Published online by Cambridge University Press:  15 May 2012

Extract

Austria emerged in 1955 from a ten-year occupation administered by the four major powers of the successful anti-Third Reich coalition of World War II—France, the Soviet Union, the United Kingdom, and the United States—as a united, independent state. The 15 May 1955 State Treaty signed by these countries and Austria spared Austria the fate of Cold War division suffered by Austria's neighbor to the north (in the ultimate East-West breakdown of Germany's parallel postwar quadripartite occupation). Paving the way for Austria's good fortune was a political quid pro quo agreed between Austrian leaders and their Soviet counterparts in Moscow the previous April. In the 15 April 1955 Moscow Memorandum, Austria consented to becoming a permanently neutral state modeled on Switzerland.

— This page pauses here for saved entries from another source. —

(* Let $\alpha\in\{0,1\}^n$ with $|\alpha|=k$, let $u_1<\dots<u_k$ be the positions of its ones, and let $\lambda_\alpha$ be the partition whose conjugate is $\lambda'_\alpha=(\lambda'_1,\dots,\lambda'_k)$ with $\lambda'_j=n-k-u_j+j$. Then, as polynomials, $$s_{\lambda_\alpha}(x_1,\dots,x_{n-k})=\det\big(e_{n-k+i-u_j}(x_1,\dots,x_{n-k})\big)_{i,j=1}^k=\det\big(e_{n-k+i-u_j}(x_1,\dots,x_{n-k+i-1})\big)_{i,j=1}^k .$$
   Context: $s_\lambda(x_1,\dots,x_m)$ is the Schur polynomial of the partition $\lambda$ in $m$ variables; $e_r(y_1,\dots,y_m)$ is the $r$-th elementary symmetric polynomial, with $e_0=1$, $e_r=0$ for $r<0$ or $r>m$. Note $\lambda'_j$ is the number of zeros of $\alpha$ to the right of its $j$-th one. *)

From HB Require Import structures.
From mathcomp Require Import all_boot all_order all_algebra.
Set Implicit Arguments. Unset Strict Implicit. Unset Printing Implicit Defensive.
Import Order.TTheory GRing.Theory Num.Theory.
Local Open Scope ring_scope.

(* Variables are an infinite family x : nat -> R; x_{t+1} is (x t). *)

Definition esym (R : comPzRingType) (m r : nat) (x : nat -> R) : R :=
  \sum_(S : {set 'I_m} | #|S| == r) \prod_(i in S) x (val i).

Definition esymD (R : comPzRingType) (m a b : nat) (x : nat -> R) : R :=
  if (b <= a)%N then esym m (a - b) x else 0.

(* Partition lam : seq nat (weakly decreasing); cell (i,j) (0-indexed) is in
   the Young diagram iff j < lam_i. *)
Definition in_diag (lam : seq nat) (i j : nat) : bool := (j < nth 0%N lam i)%N.

(* Semistandard Young tableau with entries in {1..m}, encoded as a filling
   T : 'I_(size lam) * 'I_(head 0 lam) -> 'I_m.+1 where 0 marks a cell
   outside the diagram and entry e >= 1 inside. *)
Definition is_ssyt (lam : seq nat) (m : nat)
   (T : {ffun 'I_(size lam) * 'I_(head 0%N lam) -> 'I_m.+1}) : bool :=
  [forall c : 'I_(size lam) * 'I_(head 0%N lam),
     (in_diag lam c.1 c.2 == (0 < T c)%N)] &&
  [forall c : 'I_(size lam) * 'I_(head 0%N lam),
   forall d : 'I_(size lam) * 'I_(head 0%N lam),
     (in_diag lam c.1 c.2 && in_diag lam d.1 d.2) ==>
     ((((c.1 == d.1 :> nat) && (c.2.+1 == d.2 :> nat)) ==> (T c <= T d)%N) &&
      (((c.1.+1 == d.1 :> nat) && (c.2 == d.2 :> nat)) ==> (T c < T d)%N))].

Definition schur (R : comPzRingType) (lam : seq nat) (m : nat) (x : nat -> R) : R :=
  \sum_(T | @is_ssyt lam m T)
     \prod_(c : 'I_(size lam) * 'I_(head 0%N lam) | in_diag lam c.1 c.2)
        x (T c).-1.

Definition conj_part (s : seq nat) : seq nat :=
  mkseq (fun i => count (fun l => (i < l)%N) s) (\max_(l <- s) l)%N.

Definition ones_pos (alpha : seq bool) : seq nat :=
  [seq i.+1 | i <- iota 0 (size alpha) & nth false alpha i].

Definition lam_conj (alpha : seq bool) : seq nat :=
  let n := size alpha in let k := count id alpha in
  [seq ((n - k + j.+1) - nth 0%N (ones_pos alpha) j)%N | j <- iota 0 k].

Definition lam_alpha (alpha : seq bool) : seq nat := conj_part (lam_conj alpha).

From Pilot Require Import Defs.
From mathcomp Require Import all_boot all_order all_algebra.
From mathcomp Require Import zify perm.
Set Implicit Arguments. Unset Strict Implicit. Unset Printing Implicit Defensive.
Import GRing.Theory Num.Theory.

Local Open Scope ring_scope.

(* The Schur polynomial, as a sum over semistandard tableaux, and the
   determinant det(e_(i + c_j - j)) satisfy the same recursion in the number
   m of variables.  Deleting the entries m+1 of a tableau of shape c (given by
   column lengths) leaves a tableau of the shape obtained by removing the
   bottom boxes of a set S of columns forming a horizontal strip, with weight
   x_(m+1)^|S|.  On the determinant side, e_r(x_1..x_(m+1)) = e_r(x_1..x_m) +
   x_(m+1) e_(r-1)(x_1..x_m) expands each column, and the terms for sets S
   that are not horizontal strips vanish, having two equal columns or a zero
   column.  For m = 0 both sides are 1 or 0 according as the shape is empty.
   With c = lambda'_alpha, i + c_j - j = n - k + i - u_j.
   The second identity is a unitriangular row reduction driven by the same
   recursion. *)

Section ElementarySymmetric.
Variables (R : comPzRingType) (x : nat -> R).

Lemma esym0 m : Defs.esym m 0 x = 1.
Proof.
rewrite /Defs.esym (big_pred1 set0) ?big_set0 // => S /=.
by rewrite cards_eq0.
Qed.

Lemma esym0S r : Defs.esym 0 r.+1 x = 0.
Proof.
rewrite /Defs.esym big_pred0 // => S; apply/negbTE/negP => /eqP cardS.
by have := max_card (pred_of_set S); rewrite card_ord cardS.
Qed.

Definition widen_set m (S : {set 'I_m}) : {set 'I_m.+1} :=
  [set widen_ord (leqnSn m) i | i in S].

This neutrality precluded a possible Austrian membership in NATO in exchange for a long-delayed Soviet assent to an end of Austria's occupation regime with a concomitant abandonment of the Soviet occupation zone and the withdrawal of all occupation troops. After the completion of this withdrawal, a fully sovereign Austria made good on its pledge with the passage on 26 October 1955 of a constitutional law declaring Austria to be “permanently neutral” and foreswearing all military alliances.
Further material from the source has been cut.